Saved entries:
(* On the line x + y = n the binary form with coefficients w is omega(x):
   the term s(n+1,k) x^k is recovered from n^(n+1-k) = (x+y)^(n+1-k). *)
Lemma binform_wcoef (x y : {poly R}) : x + y = (n%:R)%:P ->
  binform n (fun p => (wcoef p)%:P) x y = omega \Po x.
Proof.
move=> xy; rewrite omega_expand raddf_sum /binform.
under eq_bigr => p _ do rewrite /wcoef rmorph_sum big_distrl /=.
rewrite exchange_big_nat /=; apply: eq_big_nat => k /andP[_ kn].
rewrite mul_polyC comp_polyZ comp_Xn_poly -mul_polyC.
under eq_bigr => p _ do
  rewrite (fun_if (fun c => c%:P)) polyC0 (fun_if (fun z => z * _)) mul0r ltnS.
rewrite sum_nat_shift (big_cat_nat (n:=n.+2 - k)) ?leq_subr //=.
rewrite [X in _ + X]sumr_nat0 ?addr0 => [|i /andP[ki _]]; last by rewrite ifF //; lia.
have stir_split : stir k = (stir k / n%:R ^+ (n.+1 - k)) * n%:R ^+ (n.+1 - k).
  by rewrite divfK // expf_neq0 // natn_neq0.
have n_pow : ((n%:R : R) ^+ (n.+1 - k))%:P = (y + x) ^+ (n.+1 - k).
  by rewrite (addrC y) xy rmorphXn.
rewrite stir_split polyCM n_pow exprDn big_distrr /= big_distrl /= big_mkord.
have -> : (n.+2 - k = (n.+1 - k).+1)%N by lia.
apply: eq_bigr => i _; rewrite ifT; last by case: i => /= i; lia.
have -> : (n.+1 - (i + k) = n.+1 - k - i)%N by lia.
rewrite /wterm exprD polyCM polyC_natr -[X in _ = _ * X * _]mulr_natl addnK; ring.
Qed.

Lemma omega_root (b : 'I_n.+1) : omega.[b%:R] = 0.
Proof. by rewrite horner_prod (bigD1 b) //= hornerXsubC subrr mul0r. Qed.

Definition omega_except (b : 'I_n.+1) : {poly R} :=
  \prod_(i < n.+1 | i != b) ('X - (i%:R)%:P).

Lemma omega_split (b : 'I_n.+1) : omega = ('X - (b%:R)%:P) * omega_except b.
Proof. by rewrite /omega (bigD1 b). Qed.

Definition dcoef (a : nat) : R := (-1) ^+ (n - a) * (a`!)%:R * ((n - a)`!)%:R.

Lemma omega_except_eval (a b : 'I_n.+1) :
  (omega_except b).[a%:R] = if a == b then dcoef a else 0.
Proof.
rewrite horner_prod; case: eqP => [<-|/eqP ab]; last first.
  by rewrite (bigD1 a) //= hornerXsubC subrr mul0r.
rewrite big_mkcond /=.
rewrite -(big_mkord xpredT (fun i => if i != a :> nat then ('X - (i%:R)%:P).[a%:R] else 1)).
rewrite (big_cat_nat (n:=a)) //=; last exact: ltnW.
rewrite [X in _ * X]big_ltn // eqxx mul1r /dcoef -mulrA [RHS]mulrCA.
congr (_ * _).
  rewrite -prod_diff_below; apply: eq_big_nat => i /andP[_ ia].
  by rewrite ifT ?hornerXsubC //; apply/eqP; lia.
rewrite -prod_diff_above; last by rewrite -ltnS.
apply: eq_big_nat => i /andP[ai _].
by rewrite ifT ?hornerXsubC //; apply/eqP; lia.
Qed.

Definition node_bez (a b : nat) : R :=
  hankel_toeplitz n a%:R (n%:R - a%:R) b%:R (n%:R - b%:R) wcoef (bcoef R n)
  - hankel_toeplitz n a%:R (n%:R - a%:R) b%:R (n%:R - b%:R) (bcoef R n) wcoef.

(* With the first point left variable, the Bezout identity reads
   n (x - b) Q(x) = omega(x) n^(n+1), hence Q = n^n omega / (x - b). *)
Lemma node_bez_poly (b : 'I_n.+1) :
  let wP p := (wcoef p)%:P in
  let Q f g := hankel_toeplitz n 'X ((n%:R)%:P - 'X) (b%:R)%:P (n%:R - b%:R)%:P f g in
  Q wP (bcoef _ n) - Q (bcoef _ n) wP = (n%:R ^+ n)%:P * omega_except b.
Proof.
move=> wP Q.
have wP_supp k : (n.+1 < k)%N -> wP k = 0 by move=> nk; rewrite /wP wcoef_supp.
have := bezout_identity 'X ((n%:R)%:P - 'X) (b%:R)%:P (n%:R - b%:R)%:P wP_supp
  (@bcoef_supp _ n).
have sum_b : b%:R + (n%:R - b%:R) = n%:R :> R by rewrite addrC subrK.
rewrite !binform_wcoef; last 2 first.
- by rewrite -polyCD sum_b.
- by rewrite addrC subrK.
rewrite comp_polyXr comp_polyCr omega_root polyC0 mul0r subr0 !binform_binomial.
rewrite -polyCD sum_b (omega_split b).
have -> : 'X * (n%:R - b%:R)%:P - (b%:R)%:P * ((n%:R)%:P - 'X)
    = (n%:R)%:P * ('X - (b%:R)%:P) :> {poly R} by rewrite polyCB; ring.
have nX_neq0 : (n%:R)%:P * ('X - (b%:R)%:P) != 0 :> {poly R}.
  by rewrite mulf_neq0 ?polyXsubC_eq0 ?polyC_eq0 ?natn_neq0.
by move=> bez; apply: (mulfI nX_neq0); rewrite bez rmorphXn exprS; ring.
Qed.

Lemma node_bez_eval (a b : 'I_n.+1) :
  node_bez a b = n%:R ^+ n * (if a == b then dcoef a else 0).
Proof.
have := congr1 (fun p => p.[a%:R]) (node_bez_poly b).
rewrite /= hornerCM omega_except_eval => <-.
rewrite -horner_evalE rmorphB !hankel_toeplitz_rmorph /= !horner_evalE !hornerE.
congr (_ - _); apply: hankel_toeplitz_eq => k /=;
  by rewrite /bcoef ?rmorph_nat // horner_evalE hornerC.
Qed.

Lemma Htmx_entry (i j : 'I_n.+1) : Htmx R n i j = wcoef (i + j).+1.
Proof.
rewrite mxE /wcoef sum_nat_cut minnC -sum_nat_cut.
apply: eq_big_nat => k /andP[_ kd]; case: ltnP => kn.
  have -> : n%:Z - k%:Z + 1 = (n.+1 - k)%N by lia.
  have -> : n%:Z - i%:Z - j%:Z = (n.+1 - k)%N%:Z - ((i + j).+1 - k)%N%:Z by lia.
  by rewrite binz_compl /wterm /stir mulrA.
by rewrite binz_negl ?mul0r //; lia.
Qed.

Lemma Ttmx_entry (i j : 'I_n.+1) :
  Ttmx R n i j = if (i <= j)%N then wcoef (j - i) else 0.
Proof.
rewrite mxE big_mkcond /=; case: leqP => ij /=; last by rewrite sumr_nat0.
have j_n := ltn_ord j.
rewrite /wcoef sum_nat_cut minnC.
have -> : minn (j - i).+1 n.+2 = (j - i).+1 by apply/minn_idPl; lia.
apply: eq_big_nat => k /andP[_ kd].
have -> : n%:Z - k%:Z + 1 = (n.+1 - k)%N by lia.
have -> : j%:Z - i%:Z - k%:Z = (j - i - k)%N by lia.
by rewrite /wterm /stir mulrA.
Qed.

Lemma Tmx_entry (i j : 'I_n.+1) :
  Tmx R n i j = if (i <= j)%N then bcoef R n (j - i) else 0.
Proof.
rewrite mxE; case: leqP => ij; last by rewrite binz_negr //; lia.
by have -> : j%:Z - i%:Z = (j - i)%N by lia.
Qed.

Lemma Hmx_entry (i j : 'I_n.+1) : Hmx R n i j = bcoef R n (i + j).+1.
Proof. by rewrite mxE. Qed.

Definition bezmx : 'M[R]_n.+1 := Htmx R n *m Tmx R n - Hmx R n *m Ttmx R n.

Lemma congruence_entry (a b : 'I_n.+1) :
  (Vtmx R n *m bezmx *m (Vtmx R n)^T) a b = node_bez a b.
Proof.
rewrite mxE; under eq_bigr => l _ do rewrite !mxE big_distrl /=.
rewrite exchange_big /= /node_bez /hankel_toeplitz -sumrB big_mkord.
apply: eq_bigr => j _; rewrite -sumrB big_mkord; apply: eq_bigr => l _.
rewrite /bezmx !mxE !big_mkord.
under eq_bigr => m _ do rewrite Htmx_entry Tmx_entry.
under [X in _ * (_ - X) * _ = _]eq_bigr => m _ do rewrite Hmx_entry Ttmx_entry.
rewrite /lmono /rmono; ring.
Qed.

Lemma Vtmx_congruence : Vtmx R n *m bezmx *m (Vtmx R n)^T = n%:R ^+ n *: Dmx R n.
Proof.
apply/matrixP => a b; rewrite congruence_entry node_bez_eval !mxE.
by case: eqP => [->|]; rewrite ?mulr1n ?mulr0n.
Qed.

Lemma Vmx_factor : Vmx R n = (n%:R ^+ n)^-1 *: (Vtmx R n *m Deltamx R n).
Proof.
apply/matrixP => a j; rewrite /Deltamx mul_mx_diag !mxE /bern.
have n_split : (n%:R : R) ^+ n = n%:R ^+ j * n%:R ^+ (n - j).
  by rewrite -exprD subnKC // -ltnS.
have -> : 1 - a%:R / n%:R = (n%:R - a%:R) / n%:R :> R by field; exact: natn_neq0.
by rewrite !expr_div_n n_split; field; rewrite !expf_neq0 ?natn_neq0.
Qed.

End BernsteinInverse.

Lemma Dmx_unit (R : realFieldType) (n : nat) : Dmx R n \in unitmx.
Proof.
rewrite unitmxE det_diag unitfE; apply/prodf_neq0 => i _.
by rewrite mxE !mulf_neq0 ?signr_eq0 // pnatr_eq0 -lt0n fact_gt0.
Qed.

Lemma Deltamx_unit (R : realFieldType) (n : nat) : Deltamx R n \in unitmx.
Proof.
rewrite unitmxE det_diag unitfE; apply/prodf_neq0 => i _.
by rewrite mxE pnatr_eq0 -lt0n bin_gt0 -ltnS.
Qed.

Theorem corollary2p8 (R : realFieldType) (n : nat) (hn : (1 <= n)%N) :
  Vmx R n \in unitmx /\
  invmx (Vmx R n) =
    invmx (Deltamx R n) *m (Htmx R n *m Tmx R n - Hmx R n *m Ttmx R n)
      *m (Vtmx R n)^T *m invmx (Dmx R n).
Proof.
apply: invmx_congruence (Deltamx_unit R n) (Dmx_unit R n)
  (Vmx_factor R hn) (Vtmx_congruence R hn).
by rewrite expf_neq0 // natn_neq0.
Qed.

## Task statement
Above are some records; copy exactly the lines from the one with "congr (_ * _)." through the one with "hankel_toeplitz n a%:R (n%:R - a%:R) b%:R (n%:R - b%:R) wcoef", both included, and no others.

## Response to this task
congr (_ * _).
  rewrite -prod_diff_below; apply: eq_big_nat => i /andP[_ ia].
  by rewrite ifT ?hornerXsubC //; apply/eqP; lia.
rewrite -prod_diff_above; last by rewrite -ltnS.
apply: eq_big_nat => i /andP[ai _].
by rewrite ifT ?hornerXsubC //; apply/eqP; lia.
Qed.

Definition node_bez (a b : nat) : R :=
  hankel_toeplitz n a%:R (n%:R - a%:R) b%:R (n%:R - b%:R) wcoef (bcoef R n)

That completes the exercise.